Take another query "go_memstats_gc_sys_bytes"
as an example. Since both CoreDNS and Prometheus are written in Golang, "go_memstats_gc_sys_bytes"
metric is available for both "coredns"
job and "prometheus"
job:
Note: This cell may error out the first time you run it. Run it again and it will pass .
In [14]:
dataset = tfio.experimental.IODataset.from_prometheus(
"go_memstats_gc_sys_bytes", 5, endpoint="http://localhost:9090")
print("Time Series CoreDNS/Prometheus Comparision:")
for (time, value) in dataset:
# time is milli second, convert to data time:
time = datetime.fromtimestamp(time // 1000)
print("{}: {}/{}".format(
time,
value['coredns']['localhost:9153']['go_memstats_gc_sys_bytes'],
value['prometheus']['localhost:9090']['go_memstats_gc_sys_bytes']))
The created Dataset
is ready to be passed to tf.keras
directly for either training or inference purposes now.
In [0]:
n_steps, n_features = 2, 1
simple_lstm_model = tf.keras.models.Sequential([
tf.keras.layers.LSTM(8, input_shape=(n_steps, n_features)),
tf.keras.layers.Dense(1)
])
simple_lstm_model.compile(optimizer='adam', loss='mae')
The dataset to be used is the value of 'go_memstats_sys_bytes' for CoreDNS with 10 samples.

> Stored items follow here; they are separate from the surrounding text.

Lemma is_Cderive_of_eps f t d : (forall e, 0 < e -> exists del, 0 < del /\
  forall h, h <> 0 -> Rabs h < del -> Cabs (Csub (Cscal (/ h) (Csub (f (t + h)) (f t))) d) < e) ->
  is_Cderive f t d.
Proof.
  intro H. split; apply is_derive_Reals; intros e He; destruct (H e He) as [del [Hd Hb]];
    exists (mkposreal del Hd); intros h Hh Hlt; specialize (Hb h Hh Hlt).
  - eapply Rle_lt_trans; [|exact Hb]. eapply Rle_trans; [|apply Re_le_Cabs].
    cunfold. right. f_equal. field. exact Hh.
  - eapply Rle_lt_trans; [|exact Hb]. eapply Rle_trans; [|apply Im_le_Cabs].
    cunfold. right. f_equal. field. exact Hh.
Qed.

Definition quad_approx_at (X : Cx -> Cx) (z0 X' : Cx) : Prop :=
  exists rho C, 0 < rho /\ 0 <= C /\ forall w, Cabs (Csub w z0) < rho ->
    Cabs (Csub (Csub (X w) (X z0)) (Cmul (Csub w z0) X')) <= C * Cabs (Csub w z0) ^ 2.

Definition Ccontinuous_at (X : Cx -> Cx) (z0 : Cx) : Prop :=
  forall e, 0 < e -> exists d, 0 < d /\
    forall w, Cabs (Csub w z0) < d -> Cabs (Csub (X w) (X z0)) < e.

Lemma psum_quad_approx b z0 : radius_ge1 b -> Cabs z0 < 1 ->
  quad_approx_at (psum b) z0 (psum (pderiv b) z0).
Proof.
  intros Hb Hz. pose proof (Cabs_ge0 z0).
  destruct (psum_taylor b ((1 + Cabs z0) / 2) Hb ltac:(lra)) as [C [HC HQ]].
  exists ((1 - Cabs z0) / 2), C. split; [lra|]. split; [exact HC|].
  intros w Hw. apply HQ; [|lra].
  pose proof (Cabs_sub_tri w z0 C0). rewrite !Cabs_sub0 in *. lra.
Qed.

Lemma quad_approx_continuous X z0 X' : quad_approx_at X z0 X' -> Ccontinuous_at X z0.
Proof.
  intros [rho [C [Hrho [HC HX]]]] e He.
  set (B := Cabs X'). assert (HB : 0 <= B) by apply Cabs_ge0.
  set (L := B + C * rho + 1). assert (HL : 0 < L) by (unfold L; nra).
  exists (Rmin rho (e / L)). split; [apply Rmin_pos; auto; apply Rdiv_lt_0_compat; lra|].
  intros w Hw.
  assert (Hw1 : Cabs (Csub w z0) < rho) by (eapply Rlt_le_trans; [exact Hw|apply Rmin_l]).
  assert (Hw2 : Cabs (Csub w z0) < e / L) by (eapply Rlt_le_trans; [exact Hw|apply Rmin_r]).
  specialize (HX w Hw1).
  set (k := Cabs (Csub w z0)) in *. assert (Hk : 0 <= k) by apply Cabs_ge0.
  replace (Csub (X w) (X z0))
    with (Cadd (Csub (Csub (X w) (X z0)) (Cmul (Csub w z0) X')) (Cmul (Csub w z0) X')) by ceq.
  eapply Rle_lt_trans; [apply Cabs_add|]. rewrite Cabs_mul. fold k B.
  assert (0 <= C * k * (rho - k)) by (apply Rmult_le_pos; [apply Rmult_le_pos|]; lra).
  assert (C * k ^ 2 <= C * rho * k) by (simpl; nra).
  assert (k * L < e) by (apply (Rmult_lt_reg_r (/ L)); [apply Rinv_0_lt_compat; lra|];
                         replace (k * L * / L) with k by (field; lra); exact Hw2).
  unfold L in *. nra.
Qed.

Lemma quad_approx_quotient X z0 X' w D g' h C : h <> 0 -> Csub w z0 = Cscal h D ->
  Cabs (Csub (Csub (X w) (X z0)) (Cmul (Csub w z0) X')) <= C * Cabs (Csub w z0) ^ 2 ->
  Cabs (Csub (Cscal (/ h) (Csub (X w) (X z0))) (Cmul X' g'))
  <= C * Rabs h * (Cabs D * Cabs D) + Cabs X' * Cabs (Csub D g').
Proof.
  intros Hh Hwz HX. pose proof (Rabs_pos_lt h Hh).
  replace (Csub (Cscal (/ h) (Csub (X w) (X z0))) (Cmul X' g'))
    with (Cadd (Cscal (/ h) (Csub (Csub (X w) (X z0)) (Cmul (Csub w z0) X')))
               (Cmul X' (Csub D g')))
    by (rewrite Hwz; cgen; cdestr; cunfold; f_equal; field; exact Hh).
  eapply Rle_trans; [apply Cabs_add|]. rewrite Cabs_scal, Cabs_mul. apply Rplus_le_compat_r.
  assert (Hk : Cabs (Csub w z0) = Rabs h * Cabs D) by (rewrite Hwz; apply Cabs_scal).
  rewrite Hk in HX. rewrite Rabs_inv.
  apply (Rmult_le_reg_l (Rabs h)); [lra|]. rewrite <- Rmult_assoc, Rinv_r, Rmult_1_l by lra.
  eapply Rle_trans; [exact HX|]. right. ring.
Qed.

(* With [g (t + h) - g t = h D] and [D -> g'], the quadratic remainder of [X] is [O(h^2)]. *)
Lemma is_Cderive_comp X X' g t g' : quad_approx_at X (g t) X' -> is_Cderive g t g' ->
  is_Cderive (fun s => X (g s)) t (Cmul X' g').
Proof.
  intros [rho [C [Hrho [HC HX]]]] Hg. apply is_Cderive_of_eps. intros e He.
  set (A := Cabs g'). set (B := Cabs X').
  assert (HA : 0 <= A) by apply Cabs_ge0. assert (HB : 0 <= B) by apply Cabs_ge0.
  set (eta := Rmin 1 (e / (2 * (B + 1)))).
  assert (Heta : 0 < eta) by (apply Rmin_pos; [lra|apply Rdiv_lt_0_compat; lra]).
  assert (HBeta : B * eta < e / 2).
  { apply Rle_lt_trans with (B * (e / (2 * (B + 1)))); [apply Rmult_le_compat_l, Rmin_r; lra|].
    apply (Rmult_lt_reg_r (2 * (B + 1))); [lra|].
    replace (B * (e / (2 * (B + 1))) * (2 * (B + 1))) with (B * e) by (field; lra). nra. }
  destruct (is_Cderive_eps g t g' Hg eta Heta) as [d1 [Hd1 Hb1]].
  set (M := (C + 1) * ((A + 1) * (A + 1))). assert (HM : 0 < M) by (unfold M; nra).
  exists (Rmin d1 (Rmin (rho / (A + 1)) (e / (2 * M)))).
  split; [repeat apply Rmin_pos; auto; apply Rdiv_lt_0_compat; lra|].
  intros h Hh Hlt.
  pose proof (Rmin_l d1 (Rmin (rho / (A + 1)) (e / (2 * M)))).
  pose proof (Rmin_l (rho / (A + 1)) (e / (2 * M))).
  pose proof (Rmin_r (rho / (A + 1)) (e / (2 * M))).
  pose proof (Rmin_r d1 (Rmin (rho / (A + 1)) (e / (2 * M)))).
  specialize (Hb1 h Hh ltac:(lra)).
  set (D := Cscal (/ h) (Csub (g (t + h)) (g t))) in *.
  assert (HD : Cabs D <= A + 1).
  { pose proof (Cabs_sub_tri D g' C0). rewrite !Cabs_sub0 in *.
    assert (eta <= 1) by apply Rmin_l. unfold A. lra. }
  pose proof (Cabs_ge0 D). pose proof (Rabs_pos_lt h Hh).
  assert (Hwz : Csub (g (t + h)) (g t) = Cscal h D)
    by (unfold D; cgen; cdestr; cunfold; f_equal; field; exact Hh).
  assert (Hclose : Cabs (Csub (g (t + h)) (g t)) < rho).
  { rewrite Hwz, Cabs_scal. apply Rle_lt_trans with (Rabs h * (A + 1)); [nra|].
    apply (Rmult_lt_reg_r (/ (A + 1))); [apply Rinv_0_lt_compat; lra|].
    replace (Rabs h * (A + 1) * / (A + 1)) with (Rabs h) by (field; lra). lra. }
  eapply Rle_lt_trans; [apply (quad_approx_quotient X _ _ _ D g' h C Hh Hwz (HX _ Hclose))|].
  fold B. assert (C * Rabs h * (Cabs D * Cabs D) <= Rabs h * M).
  { unfold M. assert (Cabs D * Cabs D <= (A + 1) * (A + 1)) by nra.
    assert (0 <= C * Rabs h) by nra. nra. }
  assert (Rabs h * M < e / 2).
  { apply (Rmult_lt_reg_r (/ M)); [apply Rinv_0_lt_compat; lra|].
    replace (Rabs h * M * / M) with (Rabs h) by (field; lra).
    replace (e / 2 * / M) with (e / (2 * M)) by (field; lra). lra. }
  assert (B * Cabs (Csub D g') <= B * eta) by (apply Rmult_le_compat_l; lra).
  lra.
Qed.

Definition Ccontinuous_2d (F : R -> R -> Cx) (x y : R) : Prop :=
  continuity_2d_pt (fun u v => Re (F u v)) x y /\ continuity_2d_pt (fun u v => Im (F u v)) x y.

Lemma Ccontinuous_2d_const c x y : Ccontinuous_2d (fun _ _ => c) x y.
Proof. split; apply continuity_2d_pt_const. Qed.

Lemma Ccontinuous_2d_add F G x y : Ccontinuous_2d F x y -> Ccontinuous_2d G x y ->
  Ccontinuous_2d (fun u v => Cadd (F u v) (G u v)) x y.
Proof. intros [F1 F2] [G1 G2]. split; apply continuity_2d_pt_plus; auto. Qed.

Lemma Ccontinuous_2d_mul F G x y : Ccontinuous_2d F x y -> Ccontinuous_2d G x y ->
  Ccontinuous_2d (fun u v => Cmul (F u v) (G u v)) x y.
Proof.
  intros [F1 F2] [G1 G2]. split.
  - apply continuity_2d_pt_minus; apply continuity_2d_pt_mult; auto.
  - apply continuity_2d_pt_plus; apply continuity_2d_pt_mult; auto.
Qed.

Lemma Ccontinuous_2d_scal c F x y : Ccontinuous_2d F x y ->
  Ccontinuous_2d (fun u v => Cscal c (F u v)) x y.
Proof. intros [F1 F2]. split; apply continuity_2d_pt_mult; auto; apply continuity_2d_pt_const. Qed.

However, since a sliding window of window=n_steps
and shift=1
are formed, additional samples are needed (for any two consecute elements, the first is taken as x
and the second is taken as y
for training). The total is 10 + n_steps - 1 + 1 = 12
seconds.
The data value is also scaled to [0, 1]
.
In [16]:
n_samples = 10
dataset = tfio.experimental.IODataset.from_prometheus(
"go_memstats_sys_bytes", n_samples + n_steps - 1 + 1, endpoint="http://localhost:9090")
# take go_memstats_gc_sys_bytes from coredns job
dataset = dataset.map(lambda _, v: v['coredns']['localhost:9153']['go_memstats_sys_bytes'])
# find the max value and scale the value to [0, 1]
v_max = dataset.reduce(tf.constant(0.0, tf.float64), tf.math.maximum)
dataset = dataset.map(lambda v: (v / v_max))
# expand the dimension by 1 to fit n_features=1
dataset = dataset.map(lambda v: tf.expand_dims(v, -1))
# take a sliding window
dataset = dataset.window(n_steps, shift=1, drop_remainder=True)
dataset = dataset.flat_map(lambda d: d.batch(n_steps))
# the first value is x and the next value is y, only take 10 samples
x = dataset.take(n_samples)
y = dataset.skip(1).take(n_samples)
dataset = tf.data.Dataset.zip((x, y))
# pass the final dataset to model.fit for training
simple_lstm_model.fit(dataset.batch(1).repeat(10), epochs=5, steps_per_epoch=10)
Out[16]:
The trained model above is not very useful in reality, as the CoreDNS server that has been setup in this tutorial does not have any workload. However, this is a working pipeline that could be used to load metrics from true production servers. The model could then be improved to solve the real-world problem of devops automation.